Here, we utilize an integrated transcriptomic-metabolomics approach to identify molecular mediators of CANA in nondiabetic mice with diet-induced obesity. We demonstrate that CANA modulates key nutrient-sensing pathways, with activation of 5′ AMP-activated protein kinase (AMPK) and inhibition of mechanistic target of rapamycin (mTOR), without changing insulin or glucagon sensitivity or signaling. Moreover, CANA induces transcriptional reprogramming to activate catabolic pathways, increase fatty acid oxidation, reduce hepatic steatosis, and increase hepatic and plasma levels of the hepatokine FGF21. FGF21 is an important coordinator of fasting-induced metabolic responses and reduction in adiposity via increasing lipolysis, hepatic fatty acid oxidation, and ketogenesis. Given that these effects mirror many phenotypes induced by CANA, we hypothesized that FGF21 would be required for CANA action. Using FGF21-null mice, we demonstrate that FGF21 is not required for the metabolic switch toward a fasting-like catabolic state but is required to promote lipolysis and reduction in adiposity in response to SGLT2i.

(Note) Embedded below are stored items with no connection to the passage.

(* Let $n\ge3$ be odd. Then $\lambda$ is an eigenvalue of $C_n$ if and only if $-\lambda$ is an eigenvalue of $C_n^{=}$.
   Context: A mixed graph is obtained from a finite simple graph by orienting some of its edges. With $\omega=\frac{1+\mathbf{i}\sqrt3}{2}$, the matrix $N$ has $(u,v)$-entry $\omega$ if $\overrightarrow{uv}$ is an arc, $\bar\omega$ if $\overrightarrow{vu}$ is an arc, $1$ for an undirected edge, $0$ otherwise; eigenvalues of a mixed graph are those of $N$. $C_n$ is the undirected $n$-cycle (whose $N$ is its ordinary adjacency matrix). $C_n^{=}$ is the mixed cycle $v_1v_2\cdots v_nv_1$ with arcs $\overrightarrow{v_1v_2},\overrightarrow{v_2v_3},\overrightarrow{v_3v_4}$ (indices mod $n$) and all other edges undirected. *)

From HB Require Import structures.
From mathcomp Require Import all_boot all_order all_algebra all_field.
Set Implicit Arguments. Unset Strict Implicit. Unset Printing Implicit Defensive.
Import Order.TTheory GRing.Theory Num.Theory.
Local Open Scope ring_scope.

Definition omega : algC := (1 + 'i * sqrtC 3) / 2.

(* The matrix N of a mixed graph on vertex set 'I_n, given the undirected
   edge relation [und] (assumed symmetric) and the arc relation [arc]
   ([arc u v] means the arc u -> v). *)
Definition mixedN (n : nat) (und arc : rel 'I_n) : 'M[algC]_n :=
  \matrix_(u, v)
    if arc u v then omega
    else if arc v u then omega^*
    else if und u v then 1 else 0.

(* adjacency in the cycle v_0 v_1 ... v_{n-1} v_0 (vertex v_{k+1} of the
   paper is index k) *)
Definition cyc_adj (n : nat) : rel 'I_n :=
  fun u v => (v == (u.+1 %% n)%N :> nat) || (u == (v.+1 %% n)%N :> nat).

Definition Cn_mx (n : nat) : 'M[algC]_n :=
  mixedN (@cyc_adj n) (fun _ _ => false).

(* arcs v1->v2, v2->v3, v3->v4 (indices mod n), i.e. k -> k+1 mod n for k<3 *)
Definition Ceq_arc (n : nat) : rel 'I_n :=
  fun u v => (u < 3)%N && (v == (u.+1 %% n)%N :> nat).

Definition Ceq_mx (n : nat) : 'M[algC]_n :=
  mixedN (fun u v => @cyc_adj n u v && ~~ @Ceq_arc n u v && ~~ @Ceq_arc n v u)
         (@Ceq_arc n).

(* With d_k = (-1)^k omega^(min k 3) and D = diag(d_0, ..., d_(n-1)), one has
   D N(C_n^=) = -N(C_n) D: along the three arcs d_(k+1) = -omega d_k absorbs
   the weight omega (and omega^* = omega^-1 its reverse entry), along the other
   edges d_(k+1) = -d_k.  The gauge closes up around the cycle since
   d_n = (-1)^n omega^3 = 1 for odd n >= 3, so N(C_n^=) is similar to -N(C_n). *)

From mathcomp Require Import all_boot all_order all_algebra all_field.
From mathcomp Require Import zify ring.
Import Order.TTheory GRing.Theory Num.Theory.
Local Open Scope ring_scope.

Lemma eigenvalue_intertwine {F : fieldType} {n} {A B P : 'M[F]_n} {a} :
  P \in unitmx -> P *m A = B *m P -> eigenvalue B a -> eigenvalue A a.
Proof.
move=> Punit PA /eigenvalueP[x xB x_neq0]; apply/eigenvalueP; exists (x *m P).
  by rewrite -mulmxA PA mulmxA xB scalemxAl.
by rewrite mulmx_free_eq0 ?row_free_unit.
Qed.

Lemma eigenvalue_similar {F : fieldType} {n} {A B P : 'M[F]_n} :
  P \in unitmx -> P *m A = B *m P -> eigenvalue A =1 eigenvalue B.
Proof.
move=> Punit PA a; apply/idP/idP; last exact: eigenvalue_intertwine PA.
apply: (eigenvalue_intertwine (P := invmx P)); first by rewrite unitmx_inv.
by rewrite -[LHS](mulmxK Punit) -(mulmxA (invmx P)) -PA mulmxA mulVmx ?mul1mx.
Qed.

Lemma eigenvalueN (F : fieldType) n (A : 'M[F]_n) a :
  eigenvalue (- A) (- a) = eigenvalue A a.
Proof.
apply/eigenvalueP/eigenvalueP => -[x xA x_neq0]; exists x => //.
  by apply: oppr_inj; rewrite -mulmxN xA scaleNr.
by rewrite mulmxN xA scaleNr.
Qed.

Lemma omega2 : omega ^+ 2 = omega - 1.
Proof. by rewrite /omega expr_div_n sqrrD exprMn sqrCi sqrtCK; field. Qed.

Lemma omega3 : omega ^+ 3 = -1.
Proof. by rewrite exprS omega2 mulrBr -expr2 omega2; ring. Qed.

Lemma omega_neq0 : omega != 0.
Proof.
apply/eqP => omega0; move: omega3; rewrite omega0 expr0n => /eqP.
by rewrite eq_sym oppr_eq0 oner_eq0.
Qed.

Lemma omega_mul_conj : omega * omega^* = 1.
Proof.
rewrite -normCK; have := congr1 (fun x => `|x|) omega3.
rewrite normrX normrN1 => /eqP; rewrite pexpr_eq1 // => /eqP->; exact: expr1n.
Qed.

Definition cycle_gauge (k : nat) : algC := (-1) ^+ k * omega ^+ minn k 3.

Lemma cycle_gauge_neq0 k : cycle_gauge k != 0.
Proof. by rewrite mulf_neq0 ?signr_eq0 ?expf_neq0 ?omega_neq0. Qed.

Lemma cycle_gaugeS k :
  cycle_gauge k * (if (k < 3)%N then omega else 1) = - cycle_gauge k.+1.
Proof.
rewrite /cycle_gauge exprS; case: ltnP => k3.
  by rewrite (minn_idPl k3) exprSr; ring.
by rewrite (minn_idPr (leqW k3)); ring.
Qed.

Lemma modn_succ n k : (k < n)%N -> (k.+1 %% n = if k.+1 == n then 0 else k.+1)%N.
Proof. by case: eqP => [->|]; rewrite ?modnn // => ? ?; rewrite modn_small; lia. Qed.

Section OddCycle.

Variable n : nat.
Hypothesis n_ge3 : (3 <= n)%N.
Hypothesis n_odd : odd n.

Lemma cycle_gauge_period : cycle_gauge n = 1.
Proof. by rewrite /cycle_gauge (minn_idPr n_ge3) -signr_odd n_odd omega3 mulrNN mulr1. Qed.

Lemma cycle_gauge_modS k : (k < n)%N -> cycle_gauge (k.+1 %% n) = cycle_gauge k.+1.
Proof.
move=> kn; rewrite modn_succ //; case: eqP => [->|//].
by rewrite cycle_gauge_period /cycle_gauge /= mulr1.
Qed.

Lemma cyc_succ_asym (u v : 'I_n) :
  v = (u.+1 %% n)%N :> nat -> u = (v.+1 %% n)%N :> nat -> False.
Proof. rewrite !modn_succ //; do 2!case: eqP; lia. Qed.

Lemma cycle_gauge_Ceq_entry (u v : 'I_n) :
  cycle_gauge u * Ceq_mx n u v = - Cn_mx n u v * cycle_gauge v.
Proof.
have gauge_step (k : 'I_n) : cycle_gauge k * (if (k < 3)%N then omega else 1)
    = - cycle_gauge (k.+1 %% n).
  by rewrite cycle_gauge_modS // cycle_gaugeS.
rewrite !mxE /Ceq_arc /cyc_adj.
have [vS|vNS] := eqVneq (v : nat) (u.+1 %% n)%N.
  have /negPf uNS : (u : nat) != (v.+1 %% n)%N by apply/eqP; exact: cyc_succ_asym vS.
  rewrite uNS !andbT !andbF /= vS mulN1r -gauge_step.
  by case: ltnP.
have [uS|_] := eqVneq (u : nat) (v.+1 %% n)%N; rewrite ?andbT ?andbF /=; last first.
  by rewrite mulr0 oppr0 mul0r.
rewrite mulN1r uS -[cycle_gauge _]opprK -gauge_step mulNr -mulrA.
by case: ltnP => _; rewrite ?omega_mul_conj !mulr1.
Qed.

Definition cycle_gauge_mx : 'M[algC]_n := diag_mx (\row_(i < n) cycle_gauge i).

Lemma cycle_gauge_mx_unit : cycle_gauge_mx \in unitmx.
Proof.
rewrite unitmxE det_diag unitfE; apply/prodf_neq0 => i _.
by rewrite mxE cycle_gauge_neq0.
Qed.

Lemma cycle_gauge_mx_Ceq : cycle_gauge_mx *m Ceq_mx n = - Cn_mx n *m cycle_gauge_mx.
Proof.
apply/matrixP => u v; rewrite mul_diag_mx mul_mx_diag [LHS]mxE [RHS]mxE.
have -> : (- Cn_mx n) u v = - Cn_mx n u v by rewrite mxE.
by rewrite ![(\row_i _) 0 _]mxE cycle_gauge_Ceq_entry mulNr.
Qed.

End OddCycle.

Theorem lemma6p9 (n : nat) (hn : (3 <= n)%N) (hodd : odd n) (lambda : algC) :
  eigenvalue (Cn_mx n) lambda <-> eigenvalue (Ceq_mx n) (- lambda).
Proof.
have similar := eigenvalue_similar (cycle_gauge_mx_unit n) (cycle_gauge_mx_Ceq n hn hodd).
by rewrite similar eigenvalueN.
Qed.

SGLT2 has been on our radar as well, but the side effects include UTIs due to higher glucose in the urine. Combining with an anti-microbial substance (e.g., vitamin C) acting only in urine would be a plausible countermeasure.

One wonders if SGLT2 inhibitors would reverse the effect of acute sugar consumption -- could I have my cake and eat it too, without the calories?

Posted by: Sebastian Aguiar at March 17th, 2019 12:18 PM

I've been using Canagliflozin for 3 months now - its fantastic. No GI issues like with Acarbose. You can buy it for about $60/month (30 X 300mg tablets) from Indiamart vendors without need for prescription. It really controls blood glucose levels well - my CGM tells me I'm almost always between 70 and 110 or 120. Risk of UTIs is about 2% higher than placebo - in diabetics - and I wonder if it would be even lower in otherwise healthy / thin males?

So far, no issues for me. I combine Canagliflozin (300mg/day in morning) with rapamycin (weekly 10mg) and they seem to work together really well.